Ketakutan Terbesar Jorge Martin: Pensiun Tanpa Gelar Juara MotoGP

MADRID – Bintang Pramac Ducati, Jorge Martin , mengungkapkan ketakutan terbesar pada hidupnya ketika ini. Dia mengaku takut pensiun sebagai orang peserta balap yang tersebut tak mempunyai gelar kejuaraan juara MotoGP.
Hanya butuh tiga musim sekadar bagi Martin untuk dapat bersaing bertarung memperebutkan penghargaan juara MotoGP sejak iklan dari Moto2 pada 2021. Dia menunjukkan perlawanan ketat terhadap sang juara bertahan, Francesco Bagnaia, pada musim 2023 hingga akhir musim.
Namun sayang, beberapa kesalahan yang digunakan berujung pada kecelakaan dalam akhir musim menyebabkan Martin terpaksa gigit jari. Dia kalah dari Bagnaia lalu berakhir sebagai runner up MotoGP 2023.

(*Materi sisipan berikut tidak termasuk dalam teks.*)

Definition deg (nb : V -> list V) (mu : V -> V -> R) (x : V) : R :=
  sum_list (nb x) (fun y => mu x y).

Definition good_weights (adj : V -> V -> Prop) (nb : V -> list V)
  (mu : V -> V -> R) : Prop :=
  (forall x y, adj x y -> mu x y = mu y x) /\
  (forall x y, adj x y -> 0 <= mu x y) /\
  (forall x, 0 < deg nb mu x).

Definition laplacian (nb : V -> list V) (mu : V -> V -> R) (f : V -> R) (x : V) : R :=
  / deg nb mu x * sum_list (nb x) (fun y => mu x y * (f y - f x)).

Definition d_plus (nb : V -> list V) (mu : V -> V -> R) (r : V -> nat) (x : V) : R :=
  sum_list (nb x) (fun y => if Nat.eqb (r y) (S (r x)) then mu x y else 0).

Definition d_minus (nb : V -> list V) (mu : V -> V -> R) (r : V -> nat) (x : V) : R :=
  sum_list (nb x) (fun y => if Nat.eqb (S (r y)) (r x) then mu x y else 0).

Definition mean_curv (nb : V -> list V) (mu : V -> V -> R) (r : V -> nat) (x : V) : R :=
  (d_plus nb mu r x - d_minus nb mu r x) / deg nb mu x.

End GraphDefs.

Arguments simple_graph {V}.
Arguments nbrs_list {V}.
Arguments connected {V}.
Arguments is_dist_to {V}.
Arguments good_weights {V}.
Arguments laplacian {V}.
Arguments mean_curv {V}.

From Stdlib Require Import Reals List Lra Lia Classical.
From Coquelicot Require Import Coquelicot.
Open Scope R_scope.

(* A maximum principle with a barrier. Fix B >= sup v0 and eps > 0 and put
   phi(t, x) = v(t, x) - eps (r(x) + 1 + K t) with K = C/B + 1. Since v is
   bounded, phi < B outside a finite ball, so if phi ever exceeds B there is a
   first time s > 0 and a vertex y with phi(s, y) = B = max phi on [0, s] x V.
   There ln a - ln b <= (a - b)/b gives Delta ln v(s, y) <= eps H(y)/v(s, y)
   <= eps C/B, whereas d/dt v(s, y) >= eps K because phi(., y) is maximal at s:
   a contradiction. Letting eps -> 0 yields v <= B. *)

Lemma ln_sub_le a b : 0 < a -> 0 < b -> ln a - ln b <= (a - b) / b.
Proof.
  intros Ha Hb.
  rewrite <- ln_div by assumption.
  pose proof (exp_ineq1_le (ln (a / b))) as Hexp.
  rewrite exp_ln in Hexp by (apply Rdiv_lt_0_compat; assumption).
  replace ((a - b) / b) with (a / b - 1) by (field; lra).
  lra.
Qed.
Lemma cvg0_contracting_rec (r : R) (b g : nat -> R) :
  0 <= r < 1 -> (forall m, 0 <= b m) -> (forall m, b m.+1 <= r * b m + g m) ->
  g m @[m --> \oo] --> 0 -> b m @[m --> \oo] --> 0.
Proof.
move=> /andP[r0 r1] b0 brec /cvgr0Pnorm_lt g0; apply/cvgr0Pnorm_lt => e e0.
have de0 : 0 < e * (1 - r) / 2 by rewrite divr_gt0 // mulr_gt0 // subr_gt0.
have [M _ gM] := g0 _ de0.
have bM k : b (M + k)%N <= r ^+ k * b M + e / 2.
  elim: k => [|k IH]; first by rewrite addn0 expr0 mul1r lerDl divr_ge0 // ltW.
  have gk : g (M + k)%N <= e * (1 - r) / 2.
    by rewrite (le_trans (ler_norm _)) // ltW // gM //= leq_addr.
  rewrite addnS (le_trans (brec _)) // exprS.
  have := ler_wpM2l r0 IH; nra.
have : (fun k => r ^+ k * b M) @ \oo --> 0.
  rewrite -(mul0r (b M)); apply: cvgM; last exact: cvg_cst.
  by apply: cvg_expr; rewrite ger0_norm.
move/cvgr0Pnorm_lt => /(_ _ (divr_gt0 e0 (ltr0n _ 2))) [K _ rK].
exists (M + K)%N => // m /= Mm; rewrite -(subnKC (leq_trans (leq_addr K M) Mm)).
have := rK (m - M)%N; rewrite /= leq_subRL ?(leq_trans (leq_addr K M) Mm) // => /(_ Mm).
rewrite ger0_norm ?mulr_ge0 ?exprn_ge0 // ger0_norm //; have := bM (m - M)%N; lra.
Qed.

End ContractingRecursion.

Section SpectralRadius.
Variable R : realType.
Local Notation normc := (@Normc.normc R).
Local Notation toC := (fun x : R => (x%:C)%C).

Lemma normc_ge0 (z : R[i]) : 0 <= normc z.
Proof. by case: z => a b; rewrite /Normc.normc sqrtr_ge0. Qed.

Lemma normc_real (x : R) : normc (x%:C)%C = `|x|.
Proof. by rewrite /Normc.normc /= expr0n /= addr0 sqrtr_sqr. Qed.

Section Entry.
Variables (n : nat) (Ac : 'M[R[i]]_n.+1) (i j : 'I_n.+1).

Let w (q : {poly R[i]}) m := (Ac ^+ m * horner_mx Ac q) i j.
(* Let $X\subseteq\mathbb{C}^n$ be a complex analytic set, $x\in X$, $\mathcal M\subseteq\mathcal O_{X,x}^p$ a submodule and $k\in\mathbb N$. Then, at $(x,x)$: (a) $I_\Delta^{k}\,J_2\big((J_k(\mathcal M))_D\big)\subseteq J_{2k}(\mathcal M_D)$; (b) if $J_k(\mathcal M)$ is a principal ideal, then $I_\Delta^{k-1}\,J_2\big((J_k(\mathcal M))_D\big)\subseteq J_{2k}(\mathcal M_D)$.
   Context: $z_1,\dots,z_n$ are coordinates on $\mathbb C^n$; $\pi_1,\pi_2:X\times X\to X$ are the projections, and $I_\Delta=(z_1\circ\pi_1-z_1\circ\pi_2,\dots,z_n\circ\pi_1-z_n\circ\pi_2)$ is the ideal of the diagonal in $\mathcal O_{X\times X}$. For $h\in\mathcal O_X^q$, $h_D=(h\circ\pi_1,h\circ\pi_2)\in\mathcal O^{2q}_{X\times X}$; for a submodule or ideal $N\subseteq\mathcal O_X^q$, $N_D$ is the submodule of $\mathcal O^{2q}_{X\times X}$ generated by $\{h_D:h\in N\}$. $J_m(N)$ is the ideal generated by the $m\times m$ minors of a matrix of generators of $N$ (so $J_k(\mathcal M)$ is an ideal of $\mathcal O_X$, $(J_k(\mathcal M))_D\subseteq\mathcal O^2_{X\times X}$, and $J_2$ of it is an ideal). *)

From HB Require Import structures.
From mathcomp Require Import all_boot all_order all_algebra.
From mathcomp Require Import all_classical all_reals all_analysis.
From mathcomp Require Import complex.
Set Implicit Arguments. Unset Strict Implicit. Unset Printing Implicit Defensive.
Import Order.TTheory GRing.Theory Num.Theory.
Import numFieldNormedType.Exports.
Local Open Scope ring_scope.
Local Open Scope classical_set_scope.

Kini, Martinator -julukan Martin- kembali berada pada jalur perebutan gelar kejuaraan juara MotoGP 2024. Jatuhnya Bagnaia di balapan utama GP Aragon 2024 membuatnya miliki keunggulan 23 poin pada puncak klasemen.
Kendati telah membuktikan diri bisa jadi bersaing dalam papan menghadapi di dua musim terakhir, Martin ternyata sangat takut tak mampu mendapatkan gelar kejuaraan juara MotoGP hingga akhir kariernya. Bahkan, pada waktu ini dirinya bisa saja terguncang apabila tak meraih kemenangan balapan.
“Ketakutan terbesar saya ketika ini, menurut saya, adalah pensiun tanpa meraih kemenangan Kejuaraan Global MotoGP,” kata Martin dilansir dari Motosan, Kamis (5/9/2024).
“Ini kemungkinan besar ketakutan terbesar saya ketika ini, kemungkinan besar pada beberapa tahun ke depan saya tidaklah akan melihatnya seperti itu, tapi sekarang ini adalah ketakutan terbesar saya. Atau bagaimana tiada menang itu bisa saja mempengaruhi saya,” tambahnya.
Walaupun demikian, Martin pasrah lalu akan menerima kenyataan jikalau dirinya tak dapat menjadi juara MotoGP hingga gantung helm nanti. Yang jelas, atlet sepeda berusia 26 tahun itu akan setiap saat berjuang menampilkan performa terbaik untuk menyabet titel balapan motor paling bergengsi dalam dunia itu.
“Tetapi pada ketika yang sejenis saya juga percaya bahwa jikalau memberikan yang mana terbaik pada akhirnya itu adalah sesuatu yang bisa saja terjadi. Tapi ketika ini rumit di pertarungan untuk menyatakan ‘Saya tiada menang’, tapi saya juga tak ingin itu menjadi obsesi,” jelas rider selama Spanyol tersebut.
Pada akhir pekan ini, Martin akan segera berjuang untuk memperlebar keunggulannya pada puncak klasemen dari Bagnaia di dalam MotoGP San Marino 2024. Balapan sprint pada Sirkuit Misano itu dijadwalkan diselenggarakan pada Hari Sabtu (7/9/2024) pukul 20.00 Waktu Indonesia Barat kemudian sehari setelahnya balapan utama berlangsung pada pukul 19.00 WIB.